Beliau juga menegaskan bahwa kebijakan luar negeri yang diterapkan merupakan warisan pemikiran dari tokoh-tokoh terdahulu seperti Sukarno, Mohammad Hatta, dan Sutan Sjahrir. Presiden Prabowo menekankan pentingnya mempelajari ajaran-ajaran dari para pendiri bangsa untuk memperkuat kebijakan luar negeri Indonesia.

Presiden Prabowo juga menyoroti pentingnya menjaga hubungan baik dengan negara-negara tetangga sebagai bagian dari strategi politik bebas aktif yang telah lama dijunjung tinggi oleh bangsa Indonesia. Beliau menekankan bahwa Indonesia ingin bersikap hormat dan menjunjung tinggi perdamaian di kawasan.

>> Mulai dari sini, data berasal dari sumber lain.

Lemma dotvDl (F : fieldType) (u v x : 'cV[F]_2) : dotv (u + v) x = dotv u x + dotv v x.
Proof. by rewrite !dotvE !mxE; ring. Qed.

Lemma dotvNl (F : fieldType) (u x : 'cV[F]_2) : dotv (- u) x = - dotv u x.
Proof. by rewrite !dotvE !mxE; ring. Qed.

Lemma dotvDr (F : fieldType) (u v x : 'cV[F]_2) : dotv x (u + v) = dotv x u + dotv x v.
Proof. by rewrite !dotvE !mxE; ring. Qed.

Lemma dotv_trmx (F : fieldType) (a b : 'cV[F]_2) : dotv a b = (a^T *m b) 0 0.
Proof. by rewrite mxE; apply: eq_bigr => i _; rewrite mxE. Qed.

Lemma dotv_surj (F : fieldType) (w : 'cV[F]_2) (t : F) : w != 0 -> exists y, dotv w y = t.
Proof.
case/matrix0Pn => i [j wij]; rewrite (ord1 j) in wij.
exists ((t / w i 0) *: delta_mx i 0); rewrite /dotv (bigD1 i) //= big1 => [|k ki].
  by rewrite !mxE !eqxx mulr1 addr0 mulrC divfK.
by rewrite !mxE (negPf ki) mulr0 mulr0.
Qed.

Lemma cV2_ext (F : fieldType) (u v : 'cV[F]_2) : u 0 0 = v 0 0 -> u 1 0 = v 1 0 -> u = v.
Proof.
move=> e0 e1; apply/matrixP => i j; rewrite (ord1 j).
by case: i => [[|[|]]] //= Hi; [rewrite (_ : Ordinal Hi = 0) | rewrite (_ : Ordinal Hi = 1)];
  rewrite //; apply: val_inj.
Qed.
(* Let $\mathcal X\subseteq\mathbb R^m$ be nonempty, convex and compact with diameter $D>0$, $F:\mathbb R^m\to\mathbb R^r$ affine, $C\in\mathbb R^{r\times n}$, $\Theta(x,y)=\frac12\|F(x)-Cy\|^2$, and let $L>0$ be such that for every $y\in\{0,1\}^n$, $\Theta(\cdot,y)$ is $L$-Lipschitz on $\mathcal X$ and $\|\nabla_x\Theta(x,y)\|\le L$ for $x\in\mathcal X$. Let $\operatorname{ALG}$ be a $\gamma$-approximation algorithm ($\gamma\in(0,1]$) for maximizing $\Theta(x,\cdot)$ over $\{0,1\}^n$, for every $x\in\mathcal X$. Given $\epsilon>0$, set $K=\lceil((D^2+L^2)/(2\epsilon))^2\rceil$, choose $x_0\in\mathcal X$, and for $k=0,\dots,K-1$ let $y_k=\operatorname{ALG}(\Theta(x_k,\cdot))$ and $x_{k+1}=\operatorname{Proj}_{\mathcal X}(x_k-K^{-1/2}\nabla_x\Theta(x_k,y_k))$. Let $\hat x=\frac1K\sum_{k=0}^{K-1}x_k$ and $\hat y=\operatorname{ALG}(\Theta(\hat x,\cdot))$. Then $(\hat x,\hat y)$ is a $(\gamma,\epsilon/\gamma)$-approximate minimax point of $\min_{x\in\mathcal X}\max_{y\in\{0,1\}^n}\Theta(x,y)$.
   Context: $\operatorname{Proj}_{\mathcal X}$ is Euclidean projection onto $\mathcal X$. An algorithm is a $\gamma$-approximation algorithm for $\max_{y\in\mathcal Y}h(y)$ with nonnegative $h$ if on every instance it returns, in polynomial time, a feasible $\hat y\in\mathcal Y$ with $h(\hat y)\ge\gamma h(y^* )$ where $y^*$ is optimal. With $\mathcal Y=\{0,1\}^n$, a pair $(x^*,y^* )\in\mathcal X\times\mathcal Y$ is an $(\alpha,\epsilon)$-approximate minimax point ($\alpha\in(0,1]$, $\epsilon\ge0$) if $\alpha\max_{y\in\mathcal Y}\Theta(x^*,y)\le\Theta(x^*,y^* )\le\frac1\alpha\min_{x\in\mathcal X}\max_{y\in\mathcal Y}\Theta(x,y)+\epsilon$. *)

From HB Require Import structures.
From mathcomp Require Import all_boot all_order all_algebra.
From mathcomp Require Import all_classical all_reals all_analysis.
Set Implicit Arguments. Unset Strict Implicit. Unset Printing Implicit Defensive.
Import Order.TTheory GRing.Theory Num.Theory numFieldNormedType.Exports.
Local Open Scope classical_set_scope.
Local Open Scope ring_scope.

Definition edot (R : realType) (m : nat) (u v : 'cV[R]_m) : R :=
  \sum_(i < m) u i 0 * v i 0.
Definition enorm (R : realType) (m : nat) (v : 'cV[R]_m) : R :=
  Num.sqrt (edot v v).

Definition convex_setR (R : realType) (m : nat) (X : set 'cV[R]_m) : Prop :=
  forall x y t, X x -> X y -> 0 <= t <= 1 -> X (t *: x + (1 - t) *: y).

Definition diam (R : realType) (m : nat) (X : set 'cV[R]_m) : R :=
  sup [set enorm (x - y) | x in X & y in X].

(* Euclidean projection onto X: a point of X nearest to z (unique when X is
   nonempty, closed and convex). *)
Definition Proj (R : realType) (m : nat) (X : set 'cV[R]_m) (z : 'cV[R]_m)
  : 'cV[R]_m :=
  xget z [set p | X p /\ forall x, X x -> enorm (z - p) <= enorm (z - x)].

Definition is_gradient (R : realType) (m : nat) (f : 'cV[R]_m -> R)
  (x g : 'cV[R]_m) : Prop :=
  forall v : 'cV[R]_m,
    (fun h : R => h^-1 * (f (x + h *: v) - f x)) @ (0 : R)^' --> edot g v.

(* the gradient (0 if it does not exist) *)
Definition grad (R : realType) (m : nat) (f : 'cV[R]_m -> R) (x : 'cV[R]_m)
  : 'cV[R]_m :=
  xget 0 [set g | is_gradient f x g].

(* the binary points y in {0,1}^n, encoded as boolean finite functions *)
Definition bvec (R : realType) (n : nat) (y : {ffun 'I_n -> bool}) : 'cV[R]_n :=
  \col_i ((y i)%:R).

(* Theta(x, y) = 1/2 || F(x) - C y ||^2 with F(x) = A x + b affine *)
Definition Theta (R : realType) (m r n : nat) (A : 'M[R]_(r, m)) (b : 'cV[R]_r)
  (C : 'M[R]_(r, n)) (x : 'cV[R]_m) (y : {ffun 'I_n -> bool}) : R :=
  2^-1 * enorm (A *m x + b - C *m bvec R y) ^+ 2.

(* max over y in {0,1}^n of a nonnegative function (finite nonempty max) *)
Definition maxY (R : realType) (n : nat) (h : {ffun 'I_n -> bool} -> R) : R :=
  \big[Num.max/0]_(y : {ffun 'I_n -> bool}) h y.

(* (alpha, eps)-approximate minimax point of min_{x in X} max_y Th(x, y);
   the min over the compact X is written as an inf (it is attained). *)
Definition approx_minimax (R : realType) (m n : nat) (X : set 'cV[R]_m)
  (Th : 'cV[R]_m -> {ffun 'I_n -> bool} -> R) (alpha eps : R)
  (xs : 'cV[R]_m) (ys : {ffun 'I_n -> bool}) : Prop :=
  X xs /\
  alpha * maxY (Th xs) <= Th xs ys <=
    alpha^-1 * inf [set maxY (Th x) | x in X] + eps.
Lemma perturbed_incr (i j : 'I_n) : (i < j)%N -> P i i < P j j.
Proof.
move=> ij; rewrite !mxE; have ij' : i != j by rewrite neq_ltn ij.
have gap : G <= A j j - A i i.
  by have := A_gap ij'; rewrite distrC ger0_norm // subr_ge0 ltW // A_incr.
have /andP[i0 i1] := tS_diag i; have /andP[j0 j1] := tS_diag j.
by have := g_le; have := gap_gt; have := K_ge0; lra.
Qed.

Let P_sym : P^T = P.
Proof. by rewrite linearD linearZ /= A_sym S_sym. Qed.

Let e_ge0 : 0 <= eps_loc K g.
Proof. exact: eps_loc_ge0 K_ge0 gap_gt. Qed.

(* lam_i <= lamt_i: the eigenvectors v of A and w of A + t S localized at i
   have <w, v> > 0 and w S v^T > 0, so [eigen_shift] gives lamt_i > lam_i. *)
Lemma lower_interlacing i : (i < n)%N -> lam`_i <= lamt`_i.
Proof.
move=> lt_in; pose k := Ordinal lt_in.
have [_ [v [vA v_k v_loc]]] := spectral_localization A_sym A_row_K A_gap_g
  K_ge0 gap_gt small A_incr A_eig k.
have [_ [w [wP w_k w_loc]]] := spectral_localization P_sym perturbed_row_sum
  perturbed_gap K_ge0 gap_gt small perturbed_incr P_eig k.
have dot_pos : 0 < (w *m v^T) 0 0.
  rewrite mulmx_trmx_row; have := dot_ge_localized e_ge0 w_k v_k w_loc v_loc.
  by have := small; lra.
have form_gt0 : 0 < (w *m S *m v^T) 0 0.
  have := form_lower_bound S_diag S_offdiag s0_ge0 e_ge0 v_k v_loc w_k w_loc.
  by have := form_pos; lra.
have : 0 < (lamt`_k - lam`_k) * (w *m v^T) 0 0.
  by rewrite (eigen_shift A_sym vA wP) mulr_gt0.
by rewrite pmulr_lgt0 // subr_gt0 => /ltW.
Qed.

(* lamt_i <= lam_(i+1): lamt_i is within K of A i i + t S i i, lam_(i+1)
   within K of A (i+1) (i+1), and these diagonal entries are G apart. *)
Lemma upper_interlacing i : (i.+1 < n)%N -> lamt`_i <= lam`_i.+1.
Proof.
move=> lt_in; pose k := Ordinal (ltnW lt_in); pose k1 := Ordinal lt_in.
have [near_k _] := spectral_localization P_sym perturbed_row_sum
  perturbed_gap K_ge0 gap_gt small perturbed_incr P_eig k.
have [near_k1 _] := spectral_localization A_sym A_row_K A_gap_g
  K_ge0 gap_gt small A_incr A_eig k1.
have kk1 : k != k1 by rewrite neq_ltn /= ltnSn.
have gap : G <= A k1 k1 - A k k.
  by have := A_gap kk1; rewrite distrC ger0_norm // subr_ge0 ltW // A_incr /=.
move: near_k near_k1; rewrite !mxE /= !ler_distl => /andP[_ hk] /andP[hk1 _].
have /andP[_ tS] := tS_diag k.
by have := g_le; have := gap_gt; lra.
Qed.

End Interlacing.

Theorem theorem2 (R : realType) (c C s0 s1 T : R) :
  0 < c -> 0 < C -> 0 < s0 -> 0 < s1 -> 0 < T ->
  exists N : nat, forall (n : nat), (N <= n)%N ->
  forall (A S : 'M[R]_n) (t : R),
    posdef_mx A ->
    (forall i j : 'I_n, (i < j)%N -> A i i < A j j) ->
    (forall k l : 'I_n, k != l -> c * n%:R <= `|A k k - A l l|) ->
    (forall k : 'I_n, \sum_(l < n | l != k) `|A k l| <= C) ->
    symmetric_mx S ->
    (forall k : 'I_n, s0 <= S k k <= s1) ->
    (forall k l : 'I_n, k != l -> `|S k l| <= s1 / n%:R) ->
    0 < t -> t <= T ->
    forall lam lamt : seq R,
      sorted_eigenvalues A lam ->
      sorted_eigenvalues (A + t *: S) lamt ->
      (forall i : nat, (i < n)%N -> lam`_i <= lamt`_i) /\
      (forall i : nat, (i.+1 < n)%N -> lamt`_i <= lam`_i.+1).
Proof.
move=> c0 C0 s00 s10 T0; set thr := size_threshold c C s0 s1 T.
exists (Num.Def.archi_bound `|thr|) => -[|n'] n_ge A S t.
  by move=> *; split=> i; rewrite ltn0.
move=> [A_sym _] A_incr A_gap A_row S_sym S_diag S_off t_gt0 t_le.
move=> lam lamt A_eig P_eig.
have n_large : thr < n'.+1%:R.
  apply: le_lt_trans (ler_norm thr) (lt_le_trans (archi_boundP (normr_ge0 thr)) _).
  by rewrite ler_nat.
have [gap_gt small form_pos] := above_size_threshold c0 C0 s00 s10 T0 n_large.
have tT : t * s1 <= T * s1 by rewrite ler_wpM2r // ltW.
have K_ge : C + t * s1 <= C + T * s1 by lra.
have g_le : c * n'.+1%:R - T * s1 + t * s1 <= c * n'.+1%:R by lra.
have s0_ge0 := ltW s00.
split=> i lt_in.
- exact: (lower_interlacing A_sym A_incr A_row A_gap S_sym S_diag S_off s0_ge0
    t_gt0 K_ge g_le gap_gt small form_pos A_eig P_eig).
- exact: (upper_interlacing A_sym A_incr A_row A_gap S_sym S_diag S_off s0_ge0
    t_gt0 K_ge g_le gap_gt small A_eig P_eig).
Qed.
Lemma St_mute_of_St e : St a e t = S ->
  no_big_comp a S (pattern_graph S (fired t e)) /\ St a (mute e) t = S.
Proof.
move=> StE; have SE x : (x \in S) = small (links a e t) x by rewrite -StE inE.
have K_small x : x \in S -> small (links a e t) x by rewrite SE.
have rK : {in rung e t, forall p, internal S p -> edge p \in links a e t}.
  by move=> p pr /andP[p1S p2S]; apply: mem_evolve => //; exact: K_small.
have [[Q' linksE [LS QS _]]|[cross _]] := evolve_split K_small (edges_outside0 S)
    (edges_inside0 S) (sub0set _) rK; last first.
  by rewrite setU0 in cross; case/negP: (no_crossing SE).
rewrite setU0 -rung_mute in linksE LS; split.
  apply/forall_inP => x xS; apply: small_subset (K_small x xS).
  apply/subsetP => E /pattern_graphP[p [p12 Ip ep ->]]; apply: rK => //.
  by rewrite mem_rung p12.
apply/setP => x; rewrite inE; have [xS|xS] := boolP (x \in S).
  by apply: small_subset (K_small x xS); rewrite /links linksE subsetUl.
by have := xS; rewrite SE /links linksE (cluster_setU_outside LS QS xS) => /negbTE.
Qed.

Lemma St_of_St_mute e : no_big_comp a S (pattern_graph S (fired t e)) ->
  St a (mute e) t = S -> St a e t = S.
Proof.
move=> /forall_inP K_small StE.
have SE x : (x \in S) = small (links a (mute e) t) x by rewrite -StE inE.
have rK : {in rung e t, forall p,
  internal S p -> edge p \in pattern_graph S (fired t e)}.
  by move=> p; rewrite mem_rung => /andP[p12 ep] Ip; apply/pattern_graphP; exists p.
have [[Q' linksE [LS QS QK]]|[_ cross]] := evolve_split K_small (edges_outside0 S)
    (edges_inside0 S) (sub0set _) rK; last first.
  by rewrite -rung_mute in cross; case/negP: (no_crossing SE).
rewrite setU0 -rung_mute in linksE LS.
apply/setP => x; rewrite inE /links linksE; have [xS|xS] := boolP (x \in S).
  by rewrite (cluster_setU_inside LS QS xS) (small_subset QK (K_small x xS)).
by have := xS; rewrite SE /links (cluster_setU_outside LS QS xS) => /negbTE.
Qed.

Lemma St_eqE e : (St a e t == S) =
  no_big_comp a S (pattern_graph S (fired t e)) && (St a (mute e) t == S).
Proof.
apply/eqP/andP => [/St_mute_of_St[-> ->] //|[nbc /eqP]].
exact: St_of_St_mute.
Qed.

Lemma St_Ct_eqE e G : (St a e t == S) && (Ct a e t == G) =
  ((pattern_graph S (fired t e) == G) && no_big_comp a S (pattern_graph S (fired t e)))
  && (St a (mute e) t == S).
Proof.
rewrite -andbA -St_eqE andbC.
have [StE|_] := eqVneq (St a e t) S; last by rewrite !andbF.
by rewrite -[Ct a e t]/(pattern_graph _ (fired t e)) StE.
Qed.

End muting_inside_clocks.

Unset Implicit Arguments. Set Strict Implicit. Set Printing Implicit Defensive.

Theorem lemma4p1 (R : realType) (alpha : nat -> R)
  (halpha_inf : alpha n @[n --> \oo] --> +oo)
  (halpha_o : (fun n => alpha n / n%:R) @ \oo --> 0)
  (N : nat) (hN : (2 <= N)%N) (t : R) (ht : 0 <= t)
  (S : {set 'I_N})
  (hS : (0 < Pr (fun e => St (alpha N) e t == S))%E)
  (G : {set {set 'I_N}}) (hG : graph_on S G) :
  fine (Pr (fun e => (St (alpha N) e t == S) && (Ct (alpha N) e t == G)))
    / fine (Pr (fun e => St (alpha N) e t == S))
  = ER S (pN N t) (fun H => (H == G) && no_big_comp (alpha N) S H)
    / ER S (pN N t) (no_big_comp (alpha N) S).
Proof.
set a := alpha N; set rate : R := N%:R^-1.
have rate_gt0 : 0 < rate by rewrite invr_gt0 ltr0n (leq_trans _ hN).
pose B e := St a (mute t S e) t == S.
pose PrB := iint rate (pairs N) (fun e => (B e)%:R%:E) (fun _ => 0).
have B_upd e p y : internal S p -> B (upd e p y) = B e.
  move=> Ip; rewrite /B; congr (St a _ t == S); apply/funext => r.
  by rewrite /mute /upd; case: eqP => [->|]; rewrite ?Ip.
have factor (A : {set {set 'I_N}} -> bool) :
    iint rate (pairs N) (fun e => (A (pattern_graph S (fired t e)) && B e)%:R%:E)
         (fun _ => 0) = ((ER S (pN N t) A)%:E * PrB)%E.
  rewrite (ER_bern_expect _ _ _ (fired t (fun _ => 0))).
  rewrite (iint_factor rate_gt0 (t := t) (I := internal S)
    (Phi := fun th => A (pattern_graph S th)) (B := B)) //.
  by move=> th p b Np; rewrite pattern_graph_fupd.
have PrS : Pr (fun e => St a e t == S) = ((ER S (pN N t) (no_big_comp a S))%:E * PrB)%E.
  by rewrite -factor /Pr; congr iint; apply/funext => e; rewrite St_eqE.
have PrSC : Pr (fun e => (St a e t == S) && (Ct a e t == G)) =
            ((ER S (pN N t) (fun H => (H == G) && no_big_comp a S H))%:E * PrB)%E.
  by rewrite -factor /Pr; congr iint; apply/funext => e; rewrite St_Ct_eqE.
have PrBE : PrB = (fine PrB)%:E.
  by rewrite fineK // iint_fin_num // => e; case: (B e); rewrite !lee_fin ?lexx ?ler01.
rewrite PrS PrSC PrBE -!EFinM /= in hS *.
have PrB_neq0 : fine PrB != 0 by apply: contraTneq hS => ->; rewrite mulr0 ltxx.
by rewrite invfM mulrACA divff // mulr1.
Qed.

Dengan demikian, kebijakan luar negeri yang mengedepankan prinsip bertetangga baik telah membawa dampak positif terutama dalam menjaga stabilitas dan kondusifitas di wilayah Natuna. Presiden Prabowo menegaskan bahwa Indonesia terus berupaya menjaga hubungan baik dengan negara-negara tetangga demi terciptanya perdamaian dan kerjasama yang harmonis di kawasan.